3CuO+2R₃As→Cu₃As+As+3R₂O

3CuO+2R₃As→3Cu+As+3R₂O

therefore, the dearsenization catalyst is prepared by taking the active carbon as a carrier, and the adsorption dearsenization activity of the catalyst is higher when the active metal is in an oxidation state. In the existing dearsenification catalyst patents, in order to ensure that an adsorption dearsenification catalyst taking active carbon as a carrier can be successfully prepared, an oxygen-free roasting mode is usually adopted, the mode is firstly complex in process, harsh in conditions and high in cost, and the oxygen-free environment is difficult to ensure that the active metal of the catalyst is converted into an oxidation state, so that the dearsenification activity of the active metal cannot be fully exerted. The aerobic method for preparing the activated carbon-based adsorption dearsenification catalyst has few patents, and other related patents show a definite aerobic roasting process method.

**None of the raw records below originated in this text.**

(* Let $J-CI=L^{(1)}\cdots L^{(p)}U$ be a Darboux factorization, and for $j=0,\ldots,p-1$ let $g^{(j)}_{k,s}$ be the entries (rows and columns indexed by $1,2,\ldots$) of $G^{(j)}=L^{(j+2)}\cdots L^{(p)}UL^{(1)}\cdots L^{(j)}$ (empty products being the identity). For each $j=0,1,\ldots,p$ let $\{\mathcal{L}^{(j)}_n\}$ be the dual sequence of $\{P^{(j)}_n\}$, with $\mathcal{L}^{(0)}_n=\mathcal{L}_n$ and $\mathcal{L}^{(j)}_{-1}:=0$. Then for each $j=0,\ldots,p-1$ and $n=0,1,\ldots$: $$\mathcal{L}^{(j+1)}_n=\mathcal{L}^{(j)}_n+\gamma_{n(p+1)+j+2}\,\mathcal{L}^{(j)}_{n+1},$$ $$(z-C)\mathcal{L}^{(j)}_n=\mathcal{L}^{(j+1)}_{n-1}+\sum_{s=0}^{p-1}g^{(j)}_{n+s+1,n+1}\,\mathcal{L}^{(j+1)}_{n+s},$$ and, for all $n\ge0$, $$(z-C)\mathcal{L}_n=\mathcal{L}^{(p)}_{n-1}-\frac{P_{n+1}(C)}{P_n(C)}\mathcal{L}^{(p)}_n.$$
   Context: Fix $p\in\mathbb{N}$. Let $J=(a_{n,m})_{n,m\ge0}$ be an infinite matrix with $a_{n,n+1}=1$, $a_{n,m}=0$ for $m>n+1$ or $m<n-p$, and $a_{n+p,n}\neq0$ for all $n\ge0$. Define polynomials by $P_{-p}=\cdots=P_{-1}=0$, $P_0\equiv1$, $P_{n+1}(z)=(z-a_{n,n})P_n(z)-\sum_{i=1}^p a_{n,n-i}P_{n-i}(z)$ for $n\ge0$. Fix $C\in\mathbb{C}$ with $P_n(C)\neq0$ for all $n\ge1$. A Darboux factorization of $J-CI$ is a factorization $J-CI=L^{(1)}L^{(2)}\cdots L^{(p)}U$ where, indexing rows and columns by $1,2,\ldots$, $U$ is upper bidiagonal with $U_{k,k}=\gamma_{(k-1)(p+1)+1}$, $U_{k,k+1}=1$, and for $j=1,\ldots,p$, $L^{(j)}$ is lower bidiagonal with ones on the diagonal and $L^{(j)}_{k+1,k}=\gamma_{(k-1)(p+1)+j+1}\neq0$ for all $k\ge1$ (the $\gamma_i$ being complex numbers). Its Darboux transformations are $J^{(j)}=CI+L^{(j+1)}\cdots L^{(p)}UL^{(1)}\cdots L^{(j)}$, $j=1,\ldots,p$; also $J^{(0)}:=J$. Each $J^{(j)}$ is lower Hessenberg with ones on the superdiagonal, and $\{P^{(j)}_n\}_{n\ge0}$ denotes the unique sequence of polynomials with $P^{(j)}_0\equiv1$ such that $v^{(j)}(z)=(P^{(j)}_0(z),P^{(j)}_1(z),\ldots)^T$ satisfies $J^{(j)}v^{(j)}(z)=zv^{(j)}(z)$; $P^{(0)}_n=P_n$. For a sequence of polynomials $\{Q_n\}$ with $\deg Q_n=n$, its dual sequence is the sequence of linear functionals $\{\mathcal{M}_n\}$ on the polynomial space with $\mathcal{M}_j[Q_i]=\delta_{i,j}$. For a functional $\mu$, $(z-C)\mu$ is the functional $q\mapsto\mu[(z-C)q]$. *)

From HB Require Import structures.
From mathcomp Require Import all_boot all_order all_algebra.
Set Implicit Arguments. Unset Strict Implicit. Unset Printing Implicit Defensive.
Import Order.TTheory GRing.Theory Num.Theory.
Local Open Scope ring_scope.
(* Let $(\Omega,\mathcal{F},\mathbb{P})$ be a probability space. The set $\mathbb{L}^0_+$ is locally convex for the $\mathbb{L}^0$-topology (every element has a neighbourhood base, for the relative $\mathbb{L}^0$-topology on $\mathbb{L}^0_+$, consisting of convex sets) if and only if the probability space is purely atomic. In this case, there exists a probability $\mathbb{Q}$ equivalent to $\mathbb{P}$ such that the $\mathbb{L}^0$-topology on $\mathbb{L}^0_+$ coincides with the $\mathbb{L}^1(\mathbb{Q})$-topology on $\mathbb{L}^0_+$ if and only if the probability space has only finitely many atoms (and then any $\mathbb{Q}$ equivalent to $\mathbb{P}$ works).
   Context: $\mathbb{L}^0$ is the space of (equivalence classes modulo $\mathbb{P}$-null sets of) real-valued random variables with the topology of convergence in probability, metrized by $(X,Y)\mapsto\mathbb{E}_{\mathbb{P}}[1\wedge|X-Y|]$; $\mathbb{L}^0_+$ are its nonnegative elements. *)

From HB Require Import structures.
From mathcomp Require Import all_boot all_order all_algebra.
From mathcomp Require Import all_classical all_reals all_analysis.
Set Implicit Arguments. Unset Strict Implicit. Unset Printing Implicit Defensive.
Import Order.TTheory GRing.Theory Num.Theory.
Import numFieldNormedType.Exports.
Local Open Scope classical_set_scope.
Local Open Scope ring_scope.

Section L0.
Context {d : measure_display} {T : measurableType d} {R : realType}.

(* Elements of L^0_+ are represented by measurable real functions that are
   P-a.e. nonnegative; all notions below are invariant under P-a.e. equality. *)
Definition L0plus (P : probability T R) : set (T -> R) :=
  [set X : T -> R | measurable_fun setT X /\ {ae P, forall w, 0 <= X w}].

Definition dist0 (P : probability T R) (X Y : T -> R) : \bar R :=
  (\int[P]_(w in setT) (Num.min 1 `|X w - Y w|)%:E)%E.

Definition dist1 (Q : probability T R) (X Y : T -> R) : \bar R :=
  (\int[Q]_(w in setT) (`|X w - Y w|)%:E)%E.

Definition nbhd0 (P : probability T R) (X : T -> R) (N : set (T -> R)) : Prop :=
  N `<=` L0plus P /\
  exists e : R, 0 < e /\
    [set Y | L0plus P Y /\ (dist0 P X Y < e%:E)%E] `<=` N.

Definition nbhd1 (P Q : probability T R) (X : T -> R) (N : set (T -> R)) : Prop :=
  N `<=` L0plus P /\
  exists e : R, 0 < e /\
    [set Y | L0plus P Y /\ (dist1 Q X Y < e%:E)%E] `<=` N.

Definition convex_set (C : set (T -> R)) : Prop :=
  forall X Y, C X -> C Y -> forall l : R, 0 <= l -> l <= 1 ->
    C (fun w => l * X w + (1 - l) * Y w).
(* Let $\mathcal G\le\mathcal T$ and $\mathcal I$ be as in the context, with $\mathcal G$ acting on $\mathcal I$ by $(a_{ij})\cdot C_A=C_{(a_{ij})\cdot A}$. Form the semidirect products $U(M(\rho,k))\rtimes\mathcal T$ with multiplication $(A,a)(B,b)=(A\,(a\cdot B),ab)$ and $\mathcal I\rtimes\mathcal G$ with multiplication $(C_A,a)(C_B,b)=(C_AC_{a\cdot B},ab)$, and let $D_0=\{({\rm diag}(d_1,\dots,d_n),(d_i^{-1}d_j)_{i\rho j}) : d_i\in k^*\}$, a normal subgroup of $U(M(\rho,k))\rtimes\mathcal T$. Then the map $\Psi:\mathcal I\rtimes\mathcal G\to (U(M(\rho,k))\rtimes\mathcal T)/D_0$, $\Psi(C_A,(a_{ij}))=\overline{(A,(a_{ij}))}$, is well defined and is a group isomorphism.
   Context: Let $k$ be a field, $n\ge1$, $\rho$ a preorder on $\{1,\dots,n\}$, $M(\rho,k)$ the subalgebra of $M_n(k)$ of matrices with $(i,j)$-entry $0$ whenever $(i,j)\notin\rho$, $U(M(\rho,k))$ its unit group. $i\sim j$ iff $i\rho j$ and $j\rho i$; $\mathcal C$ is the set of classes, $\hat i$ the class of $i$, ordered by $\hat i\le\hat j$ iff $i\rho j$. $\mathcal T$ is the group (entrywise product) of families $(a_{ij})_{i\rho j}$ in $k^*$ with $a_{ij}a_{jr}=a_{ir}$ whenever $i\rho j$, $j\rho r$; for $(a_{ij})\in\mathcal T$ and $A=(\alpha_{ij})\in M(\rho,k)$, $(a_{ij})\cdot A$ has $(i,j)$-entry $a_{ij}\alpha_{ij}$ if $i\rho j$ and $0$ otherwise. A class $\alpha\in\mathcal C$ is isolated if $\alpha\le\beta$ or $\beta\le\alpha$ implies $\beta=\alpha$. $\Delta$ is the undirected graph whose vertices are the $i\in\{1,\dots,n\}$ with $\hat i$ not isolated, with an edge between $i,j$ iff $\hat i\neq\hat j$ and $\hat i,\hat j$ are comparable. Let $\Delta_1,\dots,\Delta_z$ be its connected components and choose a spanning tree $T_\ell$ of each $\Delta_\ell$. $\mathcal G$ is the subgroup of $\mathcal T$ of those $(a_{ij})_{i\rho j}$ with $a_{ij}=1$ whenever $i\rho j$ and either $i,j$ are joined by an edge of some $T_\ell$, or $i,j$ both lie in the same isolated class. $\mathcal I=\{C_A : A\in U(M(\rho,k))\}$ with $C_A(X)=AXA^{-1}$ is the group of inner automorphisms of $M(\rho,k)$. $\overline{y}$ denotes the class modulo $D_0$. *)

From HB Require Import structures.
From mathcomp Require Import all_boot all_order all_algebra.
Set Implicit Arguments. Unset Strict Implicit. Unset Printing Implicit Defensive.
Import GRing.Theory.
Local Open Scope ring_scope.

Section Defs.
Variables (k : fieldType) (n : nat) (rho : rel 'I_n).

Definition inM (X : 'M[k]_n) : bool :=
  [forall i, forall j, ~~ rho i j ==> (X i j == 0)].

Definition inU (A : 'M[k]_n) : bool :=
  [&& inM A, A \in unitmx & inM (invmx A)].

(* Families (a_ij)_{i rho j} encoded as n x n matrices whose entries off rho are 1. *)
Definition inT (a : 'M[k]_n) : bool :=
  [forall i, forall j, if rho i j then a i j != 0 else a i j == 1] &&
  [forall i, forall j, forall r, rho i j && rho j r ==> (a i j * a j r == a i r)].

Definition famM (a b : 'M[k]_n) : 'M[k]_n := \matrix_(i, j) (a i j * b i j).
Definition famV (a : 'M[k]_n) : 'M[k]_n := \matrix_(i, j) (a i j)^-1.
Definition fam1 : 'M[k]_n := const_mx 1.

Definition actM (a A : 'M[k]_n) : 'M[k]_n :=
  \matrix_(i, j) (if rho i j then a i j * A i j else 0).

Definition inUT (x : 'M[k]_n * 'M[k]_n) : bool := inU x.1 && inT x.2.
Definition sdmul (x y : 'M[k]_n * 'M[k]_n) : 'M[k]_n * 'M[k]_n :=
  (x.1 *m actM x.2 y.1, famM x.2 y.2).
Definition sdone : 'M[k]_n * 'M[k]_n := (1%:M, fam1).
Definition sdinv (x : 'M[k]_n * 'M[k]_n) : 'M[k]_n * 'M[k]_n :=
  (actM (famV x.2) (invmx x.1), famV x.2).

Definition D0elt (d : 'I_n -> k) : 'M[k]_n * 'M[k]_n :=
  (diag_mx (\row_i d i),
   \matrix_(i, j) (if rho i j then (d i)^-1 * d j else 1)).
Definition inD0 (x : 'M[k]_n * 'M[k]_n) : Prop :=
  exists d : 'I_n -> k, (forall i, d i != 0) /\ x = D0elt d.

Definition modD0 (x y : 'M[k]_n * 'M[k]_n) : Prop :=
  exists2 d, inD0 d & y = sdmul x d.

Definition Cmap (A : 'M[k]_n) (X : 'M[k]_n) : 'M[k]_n := A *m X *m invmx A.
Definition autEq (f g : 'M[k]_n -> 'M[k]_n) : Prop :=
  forall X, inM X -> f X = g X.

More excellent dearsenifying effect can be obtained by loading a certain active component on the formed carrier. Patent CN101591556B describes a dearsenization agent suitable for deep removal of arsenide in various oils, which is prepared by using one or more oxides of metals in copper oxide, zinc oxide, and group viii as active components, and using alumina as a carrier. The invention reduces the consumption of metal copper with higher price, correspondingly improves the content of other high-activity metals with lower price, further reduces the cost of the dearsenization agent, simultaneously leads the dearsenization rate to reach more than 99.0 percent, and ensures the dearsenization efficiency. However, the present invention does not evaluate the arsenic content of the dearsenization agent and cannot evaluate the dearsenization performance from the perspective of a long cycle.

The dearsenization agent introduced in patent CN102553517A uses copper oxide and zinc oxide as active components, but uses silicon-aluminum oxide as a carrier, and can be applied to the adsorption dearsenization agent of light oil. The method comprises the steps of carrying out carbon burning, grinding and screening on waste silicon-aluminum catalysts which have no recycling value in a fluidized catalytic cracking device to obtain waste catalyst powder, carrying out mixing kneading, strip extruding, drying and roasting on the powder and alumina to obtain a carrier, and then loading active components containing copper oxide and zinc oxide in an impregnation mode to finally obtain the dearsenicating agent. The dearsenization agent is used at 60 ℃ and the space velocity of 2h^-1Under the condition, the arsenic removal rate reaches more than 94 percent, the arsenic capacity can reach 0.12 percent, and is improved by 1.3 times compared with the arsenic capacity of 0.09 percent of an industrial contrast agent. The dearsenization agent has good dearsenization performance, and simultaneously, the waste silicon-aluminum catalyst is simply treated, so that waste materials are changed into valuable materials, the pollution to the environment is reduced, and the production cost of the dearsenization agent is reduced. But the arsenic content of the catalyst is 0.12 percent, and the catalyst is lower, so that the requirement of the catalyst on long-period operation cannot be met.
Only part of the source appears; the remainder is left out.